In [3]:
import numpy as np
import pandas as pd
import yfinance as yf
import itertools

---
## User Inputs and Preliminaries

We begin by allowing users to self-define a list of assets ("stocks") they'd like to include in this basket-option.

"time_count" refers to time steps this model takes, with time being modelled as a finite set $\mathbb{T} = \{0, 1, ..., \textnormal{T}\}$.

"risk_free_rate" simply refers to the return of risk-free assets, where a unit of money invested in it (i.e. bonds, savings) at time $t = 0$ will yield $\textnormal{R} = (1 + r)$ units of money after 1 time-step. There is the assumption that the risk-free rate will remain unchanged at all times.

"option_type" is a choice between "call" or "put".

"selected_time" is an optional parameter (otherwise zero). ** Ignore for now **

In [4]:
stocks = ["HSBA.L", "RR.L", "BP.L", "BLND.L", "AV.L"]  # list of stocks
asset_count = len(stocks)

time_count = 5
risk_free_rate = 1
strike_price = 350
option_type = "call"
selected_time = 0

scenarios = []
if selected_time > 0:
    for i in range(asset_count):
        while True:
            try:
                scenario = list(map(int, input(f"Enter scenario for asset {i+1} up to time {selected_time} (use 1 for up and 0 for down): ").strip().split()))
                if all(val in (0, 1) for val in scenario) and len(scenario) == selected_time:
                    scenarios.append(scenario)
                    break
                else:
                    print(f"Invalid input. Please enter exactly {selected_time} integers consisting of 0s and 1s only.")
            except ValueError:
                print("Invalid input. Please enter integers (0 or 1) separated by spaces.")

if selected_time > 0:
    print(f"Scenarios for each asset up to time {selected_time}:", scenarios)

In [5]:
stock_data = yf.download(" ".join(stocks), start="2023-01-01", end="2023-06-30", rounding=True)["Close"]
stock_data.to_csv("yf_stock_data.csv", index=True, header=True)

[*********************100%%**********************]  5 of 5 completed


In [6]:
raw_data = pd.DataFrame(stock_data)
raw_data.head()

Ticker,AV.L,BLND.L,BP.L,HSBA.L,RR.L
Date,Unnamed: 1_level_1,Unnamed: 2_level_1,Unnamed: 3_level_1,Unnamed: 4_level_1,Unnamed: 5_level_1
2023-01-03,448.9,408.2,483.35,529.9,98.91
2023-01-04,456.8,412.8,465.85,543.5,101.4
2023-01-05,448.7,409.5,471.75,565.3,102.66
2023-01-06,456.0,410.2,477.05,568.6,102.9
2023-01-09,455.0,410.0,479.3,563.2,103.76


In [7]:
raw_data.fillna(method='ffill', inplace=True)
clean_data = raw_data
clean_data.head()

  raw_data.fillna(method='ffill', inplace=True)

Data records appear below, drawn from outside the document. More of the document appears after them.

Lemma lebesgue_measure_affine_preimage (A : set R) : measurable A ->
  lebesgue_measure ((fun y => (y - z) / t) @^-1` A) =
  (t%:E * lebesgue_measure A)%E.
Proof.
move=> mA; have invt_ge0 : 0 <= t^-1 by rewrite invr_ge0 ltW.
have mphi : @measurable_fun _ _ (measurableTypeR R) (measurableTypeR R) setT
  (fun y => (y - z) / t) := measurable_affine.
pose phi_mu := measure_function_pushforward__canonical__measure_function_Measure
  (@lebesgue_measure R) mphi.
have on_itv X :
    ocitv X -> lebesgue_measure X = mscale (NngNum invt_ge0) phi_mu X.
  move=> [[a b] _ <-].
  rewrite /mscale /= /pushforward affine_preimage_itvoc !lebesgue_measure_itv.
  rewrite /= !lte_fin ltrD2r ltr_pM2l //.
  case: ifP => _; last by rewrite mule0.
  by rewrite -!EFinD -EFinM; congr EFin; field; exact: lt0r_neq0.
rewrite (lebesgue_measure_unique on_itv mA).
by rewrite /mscale /= muleA -EFinM mulfV ?mul1e // lt0r_neq0.
Qed.

Lemma ge0_integral_affine (G : R -> \bar R) :
  measurable_fun setT G -> (forall y, (0 <= G y)%E) ->
  (\int[@lebesgue_measure R]_(y in [set: R]) G ((y - z) / t)%R =
   t%:E * \int[@lebesgue_measure R]_(y in [set: R]) G y)%E.
Proof.
move=> mG G0.
have mphi : @measurable_fun _ _ (measurableTypeR R) (measurableTypeR R) setT
  (fun y => (y - z) / t) := measurable_affine.
have mG' : @measurable_fun _ _ (measurableTypeR R) _ setT G := mG.
have := ge0_integral_pushforward mphi lebesgue_measure measurableT mG'
  (fun y _ => G0 y).
rewrite preimage_setT => <-.
rewrite -(ge0_integral_mscale _ measurableT (NngNum (ltW t_gt0)) mG') //.
apply: eq_measure_integral => A mA _ /=.
by rewrite /mscale /= /pushforward lebesgue_measure_affine_preimage.
Qed.

End affine_change_of_variables.

Section tuple_affine.
Variable R : realType.
Variable t : R.
Hypothesis t_gt0 : 0 < t.

Lemma measurable_tuple_affine (d : nat) (z : d.-tuple R) :
  measurable_fun setT
    (fun x : d.-tuple R => [tuple (tnth x i - tnth z i) / t | i < d]).
Proof.
apply/measurable_fun_tnthP => i.
rewrite (_ : _ \o _ = fun x : d.-tuple R => (tnth x i - tnth z i) / t).
  exact: measurableT_comp (measurable_affine _ _) (measurable_tnth i).
by apply: funext => x /=; rewrite tnth_mktuple.
Qed.
Lemma spne_top_tied : exists i j, [/\ i != j, b i = T & b j = T].
Proof.
set w := top_bidder b.
case: (boolP [exists j, (j != w) && (b j == top_bid b)]).
  by case/existsP => j /andP [hj /eqP hbj]; exists w, j; rewrite eq_sym.
move=> hno; exfalso.
have hlt : forall j, j != w -> b j < b w.
  move=> j hj; rewrite lt_neqAle le_top_bid andbT; apply: contra hno => /eqP hbj.
  by apply/existsP; exists j; rewrite hj hbj /top_bid -/w eqxx.
have [j0 hj0] := exists_other w.
set j1 := [arg max_(j > j0 | j != w) b j]%O.
have [hj1 hj1max] : j1 != w /\ forall j, j != w -> b j <= b j1.
  by rewrite /j1; case: arg_maxP => // x hx h; split => // j; apply: h.
have hbj1 := hlt _ hj1; set c := (b w + b j1) / 2.
have hc : 0 <= c by have := b_ge0 j1; rewrite /c; lra.
have := spne_no_bid_gain w hc.
rewrite /pay_root (pay_chance_sole_top eq_s b_ge0 hlt).
rewrite (pay_chance_sole_top eq_s (set_bid_ge0 w b_ge0 hc)) ?set_bid_same; last first.
  by move=> j hj; rewrite set_bid_other // /c; have := hj1max j hj; lra.
by rewrite /c => h; lra.
Qed.

Lemma pay_root_spne i :
  pay_root u s i = Avg u i + T / (n.-1)%:R + win_premium T * win_freq b i.
Proof. exact: pay_chance_root. Qed.

Lemma spne_win_premium_le0 : win_premium T <= 0.
Proof.
have hwp : win_premium T = surplus - T - T / (n.-1)%:R by [].
have [sg0 hsg0 _] := @draw_with_first_mover b (top_bidder b) erefl.
have [i hi] := exists_other (first_mover sg0).
have hf : 0 < 1 - win_freq b i.
  by rewrite subr_gt0; apply: win_freq_lt1 hsg0 _; rewrite eq_sym.
rewrite -(pmulr_lle0 _ hf); apply/ler_addgt0Pr => e he; rewrite add0r.
have hx : 0 <= T + e by have := b_ge0 i; have := le_top_bid b i; lra.
have := spne_no_bid_gain i hx.
rewrite pay_root_spne (pay_chance_sole_top eq_s (set_bid_ge0 i b_ge0 hx)) ?set_bid_same.
  by rewrite mulrBr mulr1; lra.
by move=> j hj; rewrite set_bid_other //; have := le_top_bid b j; lra.
Qed.

Lemma spne_win_premium_ge0 : 0 <= win_premium T.
Proof.
have [T0|Tn0] := eqVneq T 0.
  by rewrite /win_premium T0 mul0r !subr0 surplus_ge0.
have [i [j [hij hi hj]]] := spne_top_tied.
have hT : 0 < T by rewrite lt_neqAle eq_sym Tn0 -hi b_ge0.
have hb' := set_bid_ge0 i b_ge0 (lexx 0).
have hj' : set_bid b i 0 j = T by rewrite set_bid_other // eq_sym.
have htop : top_bid (set_bid b i 0) = T.
  by apply: (top_bidE _ hj') => l; rewrite /set_bid; case: ifP => _; [apply: ltW | apply: le_top_bid].
have := spne_no_bid_gain i (lexx 0).
rewrite pay_root_spne (pay_chance_below_top eq_s hb' (j := j)) ?set_bid_same ?hj' // htop.
have [sgi hsgi hfi] := draw_with_first_mover hi.
by rewrite -(pmulr_lge0 _ (win_freq_gt0 hsgi hfi)); lra.
Qed.

Lemma spne_pay_root i : pay_root u s i = Avg u i + T / (n.-1)%:R.
Proof.
rewrite pay_root_spne.
have -> : win_premium T = 0 by apply/le_anti; rewrite spne_win_premium_le0 spne_win_premium_ge0.
by rewrite mul0r addr0.
Qed.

Ticker,AV.L,BLND.L,BP.L,HSBA.L,RR.L
Date,Unnamed: 1_level_1,Unnamed: 2_level_1,Unnamed: 3_level_1,Unnamed: 4_level_1,Unnamed: 5_level_1
2023-01-03,448.9,408.2,483.35,529.9,98.91
2023-01-04,456.8,412.8,465.85,543.5,101.4
2023-01-05,448.7,409.5,471.75,565.3,102.66
2023-01-06,456.0,410.2,477.05,568.6,102.9
2023-01-09,455.0,410.0,479.3,563.2,103.76


---
## Finding Initial Prices, and Factors

In this cell, we need to define initial prices $S_i(0)$, up and down factors $U$ and $D$, all crucial for option pricing. Initial prices can simply be found by using the most recent price for each asset in our dataset.

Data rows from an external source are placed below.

(* Let $(E,p,X)$ be an étalé space with $X$ a Boolean space. Let $X^{\ast}$ be the Boolean algebra of compact-open subsets of $X$ (under inclusion) and $E^{\ast}$ the set of compact-open local sections of $E$. Let $\widetilde p\colon E^{\ast}\to X^{\ast}$ be $C\mapsto p(C)$, and for compact-open $A\supseteq B$ in $X$ and $C\in E^{\ast}$ with $p(C)=A$ define $C|^A_B=C\cap p^{-1}(B)$. Then $\widetilde p\colon E^{\ast}\to X^{\ast}$ is a Boolean set.
   Context: A Boolean space is a Hausdorff space with a basis of compact-open sets. An étalé space $(E,p,X)$: topological spaces with a surjective local homeomorphism $p\colon E\to X$. A (open) local section is an open $A\subseteq E$ with $p|_A$ injective. Convention: a ''Boolean algebra'' means a generalized Boolean algebra (relatively complemented distributive lattice with $0$). Presheaf of sets over a meet semilattice $E$: pairwise disjoint sets $X_e$, restriction maps $x\mapsto x|^e_f$ for $e\ge f$ with $|^e_e=\mathrm{id}$ and $(x|^e_f)|^f_g=x|^e_g$; $p(x)=e$ iff $x\in X_e$; global support: all $X_e\neq\emptyset$. Order: $x\le y$ iff $p(x)\le p(y)$ and $x=y|^{p(y)}_{p(x)}$. Compatibility $x\sim y$: $x\wedge y$ exists and $p(x\wedge y)=p(x)\wedge p(y)$. A Boolean set is a presheaf with global support over a Boolean algebra such that the order has least element $0$, compatible pairs have joins, and $p(x)=0\Rightarrow x=0$. *)

From HB Require Import structures.
From mathcomp Require Import all_boot.
From mathcomp Require Import boolp classical_sets topology.
Set Implicit Arguments. Unset Strict Implicit. Unset Printing Implicit Defensive.
Local Open Scope classical_set_scope.

Definition boolean_space (X : topologicalType) : Prop :=
  hausdorff_space X /\
  (forall (U : set X) (x : X), open U -> U x ->
     exists B : set X, open B /\ compact B /\ B x /\ B `<=` U).

Definition local_homeomorphism (E X : topologicalType) (p : E -> X) : Prop :=
  forall e : E, exists U : set E,
    [/\ open U, U e, open (p @` U),
        {in U &, injective p} &
        {within U, continuous p}] /\
        (forall V : set E, open V -> V `<=` U -> open (p @` V)).

Definition etale_space (E X : topologicalType) (p : E -> X) : Prop :=
  (forall x : X, exists e : E, p e = x) /\ local_homeomorphism p.

Definition local_section (E X : topologicalType) (p : E -> X) (A : set E) : Prop :=
  open A /\ {in A &, injective p}.

Definition compact_open_section (E X : topologicalType) (p : E -> X) (A : set E)
  : Prop := local_section p A /\ compact A.

Definition compact_open_subset (X : topologicalType) (A : set X) : Prop :=
  open A /\ compact A.

Section OrderDefs.
Variables (B : Type) (inB : B -> Prop) (le : B -> B -> Prop).

Definition is_partial_order : Prop :=
  [/\ (forall a, inB a -> le a a),
      (forall a b, inB a -> inB b -> le a b -> le b a -> a = b) &
      (forall a b c, inB a -> inB b -> inB c -> le a b -> le b c -> le a c)].

Definition is_meet (a b m : B) : Prop :=
  [/\ inB m, le m a, le m b &
      forall c, inB c -> le c a -> le c b -> le c m].
(* Let $G$ be a graph on $n$ vertices. If $G$ is a forest, then $G$ is $(1,b)$-colorable for every integer $b \geq 4\sqrt{2}\sqrt{n}$. If $G$ is a triangle-free outerplanar graph, then $G$ is $(1,b)$-colorable for every integer $b \geq 4\sqrt{34/5}\sqrt{n} - 1$.
   Context: A set of vertices $X$ is $2$-independent if any two distinct vertices of $X$ are at distance at least $3$. A graph is $(a,b)$-colorable if its vertex set can be partitioned into $a$ independent sets and $b$ $2$-independent sets (some parts may be empty). *)

From mathcomp Require Import all_boot.
Set Implicit Arguments. Unset Strict Implicit. Unset Printing Implicit Defensive.

Definition simple_graph (T : finType) (e : rel T) : Prop :=
  symmetric e /\ irreflexive e.

Definition independent (T : finType) (e : rel T) (X : {set T}) : Prop :=
  forall x y, x \in X -> y \in X -> ~~ e x y.

(* X is 2-independent: any two distinct vertices of X are at distance >= 3,
   i.e. they are neither adjacent nor have a common neighbour. *)
Definition two_independent (T : finType) (e : rel T) (X : {set T}) : Prop :=
  forall x y, x \in X -> y \in X -> x != y ->
    ~~ e x y /\ (forall z, ~~ (e x z && e z y)).

(* (a,b)-colorable: V is partitioned into a independent sets (colours inl i)
   and b 2-independent sets (colours inr j); parts may be empty. *)
Definition ab_colorable (T : finType) (e : rel T) (a b : nat) : Prop :=
  exists f : T -> ('I_a + 'I_b)%type,
    (forall i : 'I_a, independent e [set x | f x == inl i]) /\
    (forall j : 'I_b, two_independent e [set x | f x == inr j]).

Definition has_cycle (T : finType) (e : rel T) : Prop :=
  exists s : seq T, 3 <= size s /\ uniq s /\ cycle e s.

Definition forest (T : finType) (e : rel T) : Prop := ~ has_cycle e.

Definition triangle_free (T : finType) (e : rel T) : Prop :=
  forall x y z, ~ [/\ e x y, e y z & e z x].

(* Outerplanar: the vertices can be placed (injectively) on a circle, in the
   cyclic order given by pos, so that the edges, drawn as chords, do not
   cross: there are no edges {a,b}, {c,d} with
   pos a < pos c < pos b < pos d. *)
Definition outerplanar (T : finType) (e : rel T) : Prop :=
  exists pos : T -> nat, injective pos /\
    forall a b c d, e a b -> e c d ->
      ~ (pos a < pos c /\ pos c < pos b /\ pos b < pos d).

(* Both bounds come from one coloring scheme. Order the vertices so that each has
   at most k later neighbors: k = 1 for forests, and k = 2 for triangle-free
   outerplanar graphs ordered by depth (the number of chords drawn over a vertex)
   and then by position. For a degree threshold d, double counting leaves at most
   2kn/(d+1) heavy vertices (degree > d), each of which gets its own 2-independent
   color. An independent set I of light vertices gets the independent color: the
   light children of heavy vertices for forests; for outerplanar graphs, the light
   vertices hanging below a heavy vertex (its only neighbor with a chord over them)
   that beat all their hanging neighbors, which leaves every heavy vertex with at
   most 6 light neighbors outside I. Every other vertex is then within distance 2
   of fewer than d + 1 (resp. 3d + 1) later such vertices, so coloring greedily
   along the order needs that many more colors; d of order sqrt n gives the
   bounds. *)

From Stdlib Require Import Reals Lra.
From mathcomp Require Import all_boot zify.
Set Implicit Arguments. Unset Strict Implicit. Unset Printing Implicit Defensive.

Factors $U$ and $D$ are not found so straightforwardly and must be derived from the data that we have. Firstly, we must consider, how much data is an appropiate amount? Because we know that while more datapoints usually leads to better accuracy, in the case of financial data, it is important not to use too much information that may be irrelevant to the present day, i.e. past economic shocks. Hull (2015) suggests closing prices over the last 90 - 180 days.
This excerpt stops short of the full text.